Taking into account and recognizing that we currently live in a world that is so clued in to what every single person is thinking at the other side of the globe, we need to solidify and strengthen our internal GPS system.

Try to do what is RIGHT regardless of what is POPULAR.

Is social media our enemy?

Granted, it can be very destructive.

On the other hand, social media can be an amazing tool. It can help create a vibe. The goal is to make it popular and ‘cool’ to do what is right.

Technology and scientific advance is not a curse G-d forbid. It is a blessed tool from the Almighty which is intended to allow us to get closer to him and promote Divine values.

Humans who are grounded in moral values choose to use technological tools in a productive and wholesome, holy manner.

To give us credit for fulfilling our mission, Hashem also provides a challenge in the form of choice. Technology can also be used or bad and even horrible things.

As the Torah clearly states: G-d says that ‘I have set before you life and death, blessing and curse. And you shall choose life, so that you and your children may live’.

It is up to us to make the right choice and channel the commodities and tools at our disposal to holy and good things.

It seems to me that the Torah speaks directly to the point of not being dependent on ‘likes’ in this week’s portion.

How so? The Torah was transmitted by G-d thousands of years ago. Where does it talk about ‘likes’?

Towards the end of this week’s Parsha the law of collateral and securities for loans is taught. (Interpolated translation by Kehos Publications)

‘As you have been taught, when a loan comes due and the borrower does not have the means to repay it, the lender may take him to court and demand collateral against the unpaid loan. Similarly, when you demand back something that you loaned your fellow Jew—even something other than money—and he cannot return it to you immediately, you may demand collateral. However, you must not enter his home to take his collateral.

Rather, you must stand outside, and the person from whom you are demanding the return of what you loaned him must bring the collateral to you outside.

Also, as you have been taught, if he is a poor man, and the only thing in his possession that he can give you as collateral is his night clothing, you must not lie down to sleep with his collateral still in your possession.

Rather, you must return the collateral to him by sunset, so that he may lie down to sleep in his garment. Similarly, if he is a night-worker and gives you his daytime clothing as a security, you must return it to him by morning. 

He will bless you for your consideration, and even if he does not, it will be counted for you as a merit before God, your God.

(Emphasis is mine, the Torah text doesn’t have emphases or highlights per se).

Imagine the scenario. You have given a poor man a loan. He has given you his silk pajamas that remind him of better days as a security. He doesn’t have another pair of pajamas. The Torah thus instructs you to return his pajamas every night so that he can sleep properly.

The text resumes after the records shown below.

(* Laplacian matrix L = D - A of C_G, vertices of G enumerated via enum_val,
   with complex (algebraic) entries so that all eigenvalues exist. *)
Definition laplacian (gT : finGroupType) (G : {group gT}) : 'M[algC]_#|G| :=
  \matrix_(i < #|G|, j < #|G|)
    let x := enum_val i in let y := enum_val j in
    (if i == j then (cdeg G x)%:R
    else if (x * y == y * x)%g then -1 else 0)%R.

From HB Require Import structures.
From mathcomp Require Import all_boot all_order all_algebra all_fingroup all_solvable all_field all_character.
From mathcomp Require Import ring.
Import Order.TTheory GRing.Theory Num.Theory.
Set Implicit Arguments. Unset Strict Implicit. Unset Printing Implicit Defensive.
Local Open Scope group_scope.

(* Write Z = Z(G), C(u) = C_G(u) and omega = max_{u in G \ Z} |C(u)|.
   1. Every clique containing a noncentral u lies in C(u), and under (Con)
      each C(u) (u noncentral) is abelian, hence a clique; so the clique
      number is omega.
   2. Under (Con), if x is a Laplacian eigenvector for an eigenvalue e outside
      {0, |Z|, |G|} u {|C(h)| : h noncentral}, the eigen-equation
      (|C(h)| - e) x_h = sum_{g in C(h)} x_g, summed first over the centre and
      then over each class C(h) \ Z (on which x is constant), forces x = 0.
      Hence every eigenvalue lies in that set, and those below |G| are <= omega.
   3. If a noncentral u has a second noncentral element b in C(u), then
      C(b) = C(u) and e_u - e_b is an eigenvector for |C(u)|; when Z is a
      proper subset of C(G), any u maximizing |C(u)| has such a b, giving (i).
   4. If C(G) = Z, every noncentral centralizer is exactly u |: Z, since it
      contains that set and has at most |Z| + 1 elements; this gives (ii). *)

Section Centralizers.
Variables (gT : finGroupType) (G : {group gT}).

Lemma in_centralizer x y : (x \in 'C_G[y]) = (x \in G) && (x * y == y * x).
Proof. by rewrite inE cent1E. Qed.

Lemma centralizer_sym x y : x \in G -> y \in G -> (x \in 'C_G[y]) = (y \in 'C_G[x]).
Proof. by move=> Gx Gy; rewrite !in_centralizer Gx Gy eq_sym. Qed.

Lemma centralizer_self u : u \in G -> u \in 'C_G[u].
Proof. by move=> Gu; rewrite in_centralizer Gu eqxx. Qed.
(* Run 2m+1 copies of C with independent coins and accept by majority vote.  As C decides
   within T steps, each copy accepts with the acceptance probability q of C, and the vote
   accepts with probability sum_(b majority) q^|b| (1-q)^(2m+1-|b|).  If q <= p < 1/2 every
   term is at most (p (1-p))^m, so the vote errs with probability at most
   2^(2m+1) (p (1-p))^m = 2 (4 p (1-p))^m, which is below p' for m large.  The copies are run
   one after the other inside every cell, so the time complexity stays constant. *)

Section Runs.
Variables (Sigma : finType) (C : PACA Sigma).

Lemma run_outside x coins t i : size x <= i -> run C x coins t i = None.
Proof.
move=> hi; case: t => [|t] /=; first by rewrite /cfg0 onth_default.
by rewrite /step ltnNge hi.
Qed.

Lemma eq_run x c1 c2 t :
  (forall s i, s < t -> i < size x -> c1 s i = c2 s i) ->
  run C x c1 t =1 run C x c2 t.
Proof.
elim: t => [|t IH] eq_c i //=.
have {}IH := IH (fun s i hs => eq_c s i (ltnW hs)).
rewrite /step; case: ifP => // hi.
by rewrite !IH eq_c //; case: i hi => [|j] hi; rewrite ?IH.
Qed.

Lemma eq_accepts_at x c1 c2 t :
  (forall s i, s < t -> i < size x -> c1 s i = c2 s i) ->
  accepts_at C x c1 t = accepts_at C x c2 t.
Proof.
by move=> eq_c; apply: eq_forallb => i; rewrite (eq_run eq_c).
Qed.

Lemma accepts_at_size0 x coins t : size x = 0 -> accepts_at C x coins t.
Proof. by rewrite /accepts_at /allA => ->; apply/forallP => -[]. Qed.

Lemma time_complexity_gt0 T : time_complexity C (fun _ => T) -> 0 < T.
Proof.
move=> CT; have [t' + _] := CT [::] (fun _ _ => false) 0 (@accepts_at_size0 [::] _ _ erefl).
by case: T {CT}.
Qed.

Lemma time_complexityW T T' : (forall n, T n <= T' n) ->
  time_complexity C T -> time_complexity C T'.
Proof.
move=> le_T CT x coins t /CT[t' lt_t' acc_t'].
by exists t' => //; apply: leq_trans lt_t' (le_T _).
Qed.

End Runs.

Lemma card_precomp (D E : finType) (g : E -> D) (Q : pred {ffun E -> bool}) :
  injective g ->
  #|[pred c : {ffun D -> bool} | Q [ffun e => c (g e)]]| = #|Q| * 2 ^ (#|D| - #|E|).
Proof.
move=> g_inj; pose restr (c : {ffun D -> bool}) := [ffun e => c (g e)].
pose F (b : {ffun E -> bool}) (d : D) : pred bool :=
  fun v => if [pick e | g e == d] is Some e then v == b e else true.
have familyE b c : (c \in family (F b)) = (restr c == b).
  apply/familyP/eqP => [Fc | <-].
    apply/ffunP => e; rewrite ffunE; have := Fc (g e); rewrite /F /in_mem /=.
    by case: pickP => [e' /eqP/g_inj -> /eqP //|/(_ e)]; rewrite eqxx.
  by move=> d; rewrite /F /in_mem /=; case: pickP => // e /eqP <-; rewrite ffunE.
have card_family_F b : #|family (F b)| = 2 ^ (#|D| - #|E|).
  rewrite card_family foldrE big_map big_enum /= (bigID (mem (codom g))) /=.
  rewrite big1 ?mul1n; last first.
    move=> d /codomP[e ->]; rewrite /F.
    case: pickP => [e' /eqP/g_inj -> |/(_ e)]; last by rewrite eqxx.
    by rewrite (eq_card (B := pred1 (b e))) ?card1.
  rewrite (eq_bigr (fun _ => 2)); last first.
    move=> d d_img; rewrite /F; case: pickP => [e /eqP eq_ged|_].
      by rewrite -eq_ged codom_f in d_img.
    by rewrite (eq_card (B := predT)) // card_bool.
  rewrite prod_nat_const; congr (_ ^ _).
  rewrite -(card_codom g_inj) -[X in _ = X - _](cardC (mem (codom g))).
  by rewrite addKn; apply: eq_card.
rewrite -sum1_card (partition_big restr Q) //= -sum_nat_const.
apply: eq_bigr => b Qb; rewrite -(card_family_F b) -sum1_card; apply: eq_bigl => c.
by rewrite familyE /in_mem /= andb_idl // /restr => /eqP ->.
Qed.
Definition sublinear {n : nat} (f : Cvec n -> R) : Prop :=
  forall eps : R, eps > 0 -> exists M : R, forall v : Cvec n,
    vnorm v > M -> Rabs (f v / vnorm v) < eps.

(* Take u <> 0 and a vector v orthogonal to u of the same norm (this needs n >= 2).
   Then u + v and u - v are orthogonal with sum 2u, so
   f(2u) = 2 f(u) + f(v) + f(-v).  Comparing this identity with the one for -u, -v
   shows that t |-> f(tu) - f(-tu) doubles when t doubles; being sublinear, it
   vanishes, so f is even.  Halving u and v then gives f(u) = f(v), hence
   f(2u) = 4 f(u): f grows quadratically along the ray through u, which
   sublinearity again forbids unless f(u) = 0. *)

From Pilot Require Import Defs.
From Stdlib Require Import Reals Lra Lia FunctionalExtensionality ProofIrrelevance Classical.
Open Scope R_scope.

Definition Rsublinear (g : R -> R) : Prop :=
  forall eps, 0 < eps -> exists T, forall t, T < t -> Rabs (g t) < eps * t.

Lemma Rsublinear_sub (g h : R -> R) :
  Rsublinear g -> Rsublinear h -> Rsublinear (fun t => g t - h t).
Proof.
  intros Hg Hh eps Heps.
  destruct (Hg (eps / 2)) as [Tg HTg]; [lra|].
  destruct (Hh (eps / 2)) as [Th HTh]; [lra|].
  exists (Rmax Tg Th); intros t Ht.
  specialize (HTg t (Rle_lt_trans _ _ _ (Rmax_l Tg Th) Ht)).
  specialize (HTh t (Rle_lt_trans _ _ _ (Rmax_r Tg Th) Ht)).
  unfold Rminus; eapply Rle_lt_trans; [apply Rabs_triang|].
  rewrite Rabs_Ropp; lra.
Qed.

(* Along t = 2^k the hypotheses give |g(2^k)| = c^k |g 1| >= 2^k |g 1|. *)
Lemma Rsublinear_doubling_eq0 (g : R -> R) (c : R) :
  2 <= c -> (forall t, 0 < t -> g (2 * t) = c * g t) -> Rsublinear g -> g 1 = 0.
Proof.
  intros Hc Hdouble Hg.
  assert (Hpow : forall k, g (2 ^ k) = c ^ k * g 1).
  { induction k as [|k IH]; simpl; [ring|].
    rewrite Hdouble, IH by (apply pow_lt; lra); ring. }
  apply NNPP; intros Hg1.
  assert (Habs : 0 < Rabs (g 1)) by (apply Rabs_pos_lt; exact Hg1).
  destruct (Hg (Rabs (g 1) / 2)) as [T HT]; [lra|].
  destruct (Pow_x_infinity 2 ltac:(rewrite Rabs_pos_eq; lra) (T + 1)) as [k Hk].
  specialize (Hk k (le_n k)); rewrite Rabs_pos_eq in Hk by (apply pow_le; lra).
  specialize (HT (2 ^ k) ltac:(lra)).
  rewrite Hpow, Rabs_mult, (Rabs_pos_eq (c ^ k)) in HT by (apply pow_le; lra).
  assert (H2c : 2 ^ k <= c ^ k) by (apply pow_incr; lra).
  assert (0 < 2 ^ k) by (apply pow_lt; lra).
  nra.
Qed.

Lemma rsum_ext k g h : (forall i, (i < k)%nat -> g i = h i) -> rsum k g = rsum k h.
Proof. induction k; simpl; intros H; auto. rewrite IHk, H; auto. Qed.

Lemma rsum_add k g h : rsum k (fun i => g i + h i) = rsum k g + rsum k h.
Proof. induction k; simpl; [ring|]. rewrite IHk; ring. Qed.

Lemma rsum_scal k c g : rsum k (fun i => c * g i) = c * rsum k g.
Proof. induction k; simpl; [ring|]. rewrite IHk; ring. Qed.

Lemma rsum_nonneg k g : (forall i, 0 <= g i) -> 0 <= rsum k g.
Proof. induction k; simpl; intros H; [lra|]. specialize (IHk H); specialize (H k); lra. Qed.

Lemma rsum_nonneg_eq0 k g : (forall i, 0 <= g i) -> rsum k g = 0 ->
  forall i, (i < k)%nat -> g i = 0.
Proof.
  induction k; simpl; intros H E i Hi; [lia|].
  pose proof (rsum_nonneg k g H); pose proof (H k).
  destruct (Nat.eq_dec i k); [subst; lra|].
  apply IHk; auto; [lra|lia].
Qed.

Lemma rsum_first2 n g : (2 <= n)%nat -> (forall i, (2 <= i)%nat -> g i = 0) ->
  rsum n g = g 0%nat + g 1%nat.
Proof.
  intros Hn H; induction n; [lia|].
  destruct (Nat.eq_dec n 1); [subst; simpl; ring|].
  simpl; rewrite IHn, (H n) by lia; ring.
Qed.

Lemma vec_eq {n} (u v : Cvec n) : (forall i, coord u i = coord v i) -> u = v.
Proof.
  destruct u as [u Hu], v as [v Hv]; unfold coord; simpl; intros H.
  assert (u = v) by (apply functional_extensionality; auto); subst.
  f_equal; apply proof_irrelevance.
Qed.

Lemma C_eq (a b : Defs.C) : fst a = fst b -> snd a = snd b -> a = b.
Proof. destruct a, b; simpl; intros; subst; auto. Qed.

Lemma vscale_prop n t (u : Cvec n) : forall i, (n <= i)%nat ->
  (t * fst (coord u i), t * snd (coord u i)) = C0.
Proof.
  intros i Hi; destruct u as [u Hu]; unfold coord; simpl; rewrite (Hu i Hi).
  apply C_eq; simpl; ring.
Qed.

Definition vscale {n} (t : R) (u : Cvec n) : Cvec n :=
  exist _ (fun i => (t * fst (coord u i), t * snd (coord u i))) (vscale_prop n t u).

Lemma vscaleA {n} a b (u : Cvec n) : vscale a (vscale b u) = vscale (a * b) u.
Proof. apply vec_eq; intros; apply C_eq; simpl; ring. Qed.

Lemma vscale1 {n} (u : Cvec n) : vscale 1 u = u.
Proof. apply vec_eq; intros; apply C_eq; simpl; ring. Qed.

Lemma vscale_vzero {n} t : vscale t (vzero n) = vzero n.
Proof. apply vec_eq; intros; apply C_eq; simpl; ring. Qed.

Lemma vscaleC {n} a b (u : Cvec n) : vscale a (vscale b u) = vscale b (vscale a u).
Proof. rewrite !vscaleA, Rmult_comm; reflexivity. Qed.

Notation sqnorm u := (inner_re u u).

Ltac inner_lin := unfold inner_re, inner_im;
  repeat (rewrite <- rsum_add || rewrite <- rsum_scal); apply rsum_ext; intros; simpl; ring.
(* Let $L\colon \widehat{\Delta}\to\widehat{\Box}$ be the functor given by $L(X)([1]^n) = \int^{[m]\in\Delta} X_m \times \mathbf{Poset}([1]^n,[m])$. Equivalently, $L$ is the colimit-preserving functor with $L(y[m]) = \mathbf{Poset}(-,[m])|_{\Box}$; it is the leftmost adjoint in the essential geometric embedding $\widehat{\Delta}\to\widehat{\Box}$. Then $L$ preserves monomorphisms.
   Context: $\Delta$ is the simplex category, the full subcategory of $\mathbf{Poset}$ on $[m]=\{0<\dots<m\}$, $m\ge0$. $\Box$ is the full subcategory of $\mathbf{Poset}$ on $[1]^n$, $n \ge 0$. $\widehat{\mathcal{C}}$ denotes presheaves of sets on $\mathcal{C}$ and $y$ is the Yoneda embedding. The functor $L$ is left adjoint to the functor $T\colon\widehat{\Box}\to\widehat{\Delta}$, $T(Y)=\int^{n} Y([1]^n)\times N([1]^n)$, where $N$ denotes the nerve; on representables $T(y[1]^n)=(\Delta^1)^n$. *)

From mathcomp Require Import all_boot.
From Stdlib Require Import FunctionalExtensionality PropExtensionality ProofIrrelevance.

Set Implicit Arguments.
Unset Strict Implicit.
Unset Printing Implicit Defensive.

(* The categories Delta and Box, as full subcategories of Poset.       *)
(* [m] = {0 < ... < m} is represented by 'I_m.+1 (nat order);           *)
(* [1]^n is represented by cube n = bool^n with the product order.       *)

Definition cube (n : nat) := {ffun 'I_n -> bool}.
Definition cle (n : nat) (u v : cube n) : bool := [forall i, u i ==> v i].

Record dhom (m k : nat) := DHom {
  dfun :> 'I_m.+1 -> 'I_k.+1;
  dmono : forall i j : 'I_m.+1, i <= j -> dfun i <= dfun j }.

Record bhom (n k : nat) := BHom {
  bfun :> cube n -> cube k;
  bmono : forall u v : cube n, cle u v -> cle (bfun u) (bfun v) }.
(* (K_{r,n} f)(x) = int_{[-Rb,Rb]^n} K_{r,n}(x,y) f(y) dy, computed exactly on the
   polynomial G(x,y) = K_{r,n}(x,y) f(y) monomial by monomial:
   int x^a y^b dy = x^a * int_{[-Rb,Rb]^n} y^b dy. *)
Definition Kop (R : realType) (n : nat) (K : {mpoly R[2]}) (Rb : R) (f : {mpoly R[n]})
  : {mpoly R[n]} :=
  let G := kernel_n n K * in_y f in
  \sum_(m <- msupp G) (G@_m * box_int_mono Rb (ypart m)) *: 'X_[xpart m].

Definition euler (R : realType) : R := sequences.expR (1 : R).

(* Chebyshev polynomials are triangular in the monomial basis: the coefficient
   of x^b in T_a vanishes unless b <= a componentwise, and that of x^a is a
   product of nonzero leading coefficients.  Hence Chebyshev expansions are
   unique, so ||p||_{1,cheb} is bounded by the l1 norm of the coefficients of
   any expansion of p into Chebyshev polynomials, and for sums of products of
   univariate polynomials in distinct variables it is bounded by the sums of
   the products of the univariate norms.
   Both T_alpha and the kernel K_{r,n} factor over the coordinates, and so
   does the integral over the box, hence K_{r,n} T_alpha = prod_i K_r T_{alpha_i}
   evaluated at x_i.  Telescoping
     prod_i a_i - prod_i b_i = sum_k (prod_{i<k} a_i) (a_k - b_k) (prod_{i>k} b_i)
   with ||K_r T_j|| <= 1 + eps, ||K_r T_j - T_j|| <= eps and ||T_j|| = 1 gives
   the bound eps * sum_k (1 + eps)^k, and (1 + eps)^k <= exp (k eps) <= e
   when eps <= 1/n. *)

From HB Require Import structures.
From mathcomp Require Import all_boot all_order all_algebra.
From mathcomp Require Import ssrcomplements mpoly.
From mathcomp Require Import reals.
From mathcomp Require Import sequences exp.
From mathcomp Require Import ring.
From Stdlib Require Import ClassicalEpsilon.

Set Implicit Arguments.
Unset Strict Implicit.
Unset Printing Implicit Defensive.

Import Order.TTheory GRing.Theory Num.Theory.
Local Open Scope ring_scope.

Lemma cheb_atSS (A : pzRingType) (x : A) k :
  cheb_at x k.+2 = 2%:R * x * cheb_at x k.+1 - cheb_at x k.
Proof. by []. Qed.

Lemma rmorph_cheb_at (A B : pzRingType) (f : {rmorphism A -> B}) (x : A) k :
  f (cheb_at x k) = cheb_at (f x) k.
Proof.
elim/ltn_ind: k => -[|[|k]] IH; rewrite ?rmorph1 //.
by rewrite !cheb_atSS rmorphB !rmorphM rmorph_nat !IH.
Qed.

Definition chebp (R : nzRingType) (k : nat) : {poly R} := cheb_at 'X k.

Lemma size_chebp (R : numDomainType) k : size (chebp R k) = k.+1.
Proof.
elim/ltn_ind: k => -[|[|k]] IH; first exact: size_poly1.
  exact: size_polyX.
have -> : chebp R k.+2 = chebp R k.+1 *+ 2 * 'X - chebp R k.
  by rewrite /chebp cheb_atSS; ring.
have chebp_neq0 : chebp R k.+1 *+ 2 != 0.
  by rewrite -size_poly_eq0 -scaler_nat size_scale ?IH ?pnatr_eq0.
rewrite size_polyDl size_mulX // -scaler_nat size_scale ?pnatr_eq0 // IH //.
by rewrite size_polyN IH.
Qed.

Lemma cheb_at_expand (R : numDomainType) (A : algType R) (x : A) k N : (k < N)%N ->
  cheb_at x k = \sum_(l < N) (chebp R k)`_l *: x ^+ l.
Proof.
move=> ltkN; have -> : cheb_at x k = horner_alg x (chebp R k).
  by rewrite /chebp rmorph_cheb_at /= horner_algX.
rewrite /horner_alg /horner_morph (@horner_coef_wide _ N); last first.
  by rewrite map_polyE (leq_trans (size_Poly _)) // size_map size_chebp.
by apply: eq_bigr => l _; rewrite coef_map /= mulr_algl.
Qed.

You find yourself majorly inconvenienced every evening in returning those pajamas to the man who owes you money.

And because you expend so much effort in tending to this poor person, you feel like a saint. For lending him money in the first place. For returning his collateral every night.

You expect the beneficiary to appreciate your efforts.

Indeed, the Torah points out, that ‘he will bless you for your consideration’.

But then, he happened to send you an email intended for his friend. He sent it to you by accident. Before you realized it wasn’t meant for you and stopped reading it, you noticed that in his mail that he is complaining about you in the context of the loan that he owes you.

Let me ask you to take this self-assessment test.

Stop to ask yourself how would you feel?

You thought till now that he feels so blessed by your efforts. Now you find out HE DOESN’T EVEN APPRECIATE YOUR EFFORTS!!!

I am guessing you may not be feeling so positive about what has happened. You may feel like you have been taken advantage of.

You may be screaming WHAT CHUTZPAH. WHAT NERVE that fellow has after all I do for him he doesn’t even appreciate it???

You may consider reacting negatively and even do nasty things in trying to reclaim your loan. Not because anything has changed in terms of dollars and cents. And deep down you know that you did the right thing. But the ungratefulness of the recipient gets you indignant and very upset.

The Torah continues:

it will be counted for you as a merit before God, your God.

Cool down.

Stop relying on others to make you feel validated.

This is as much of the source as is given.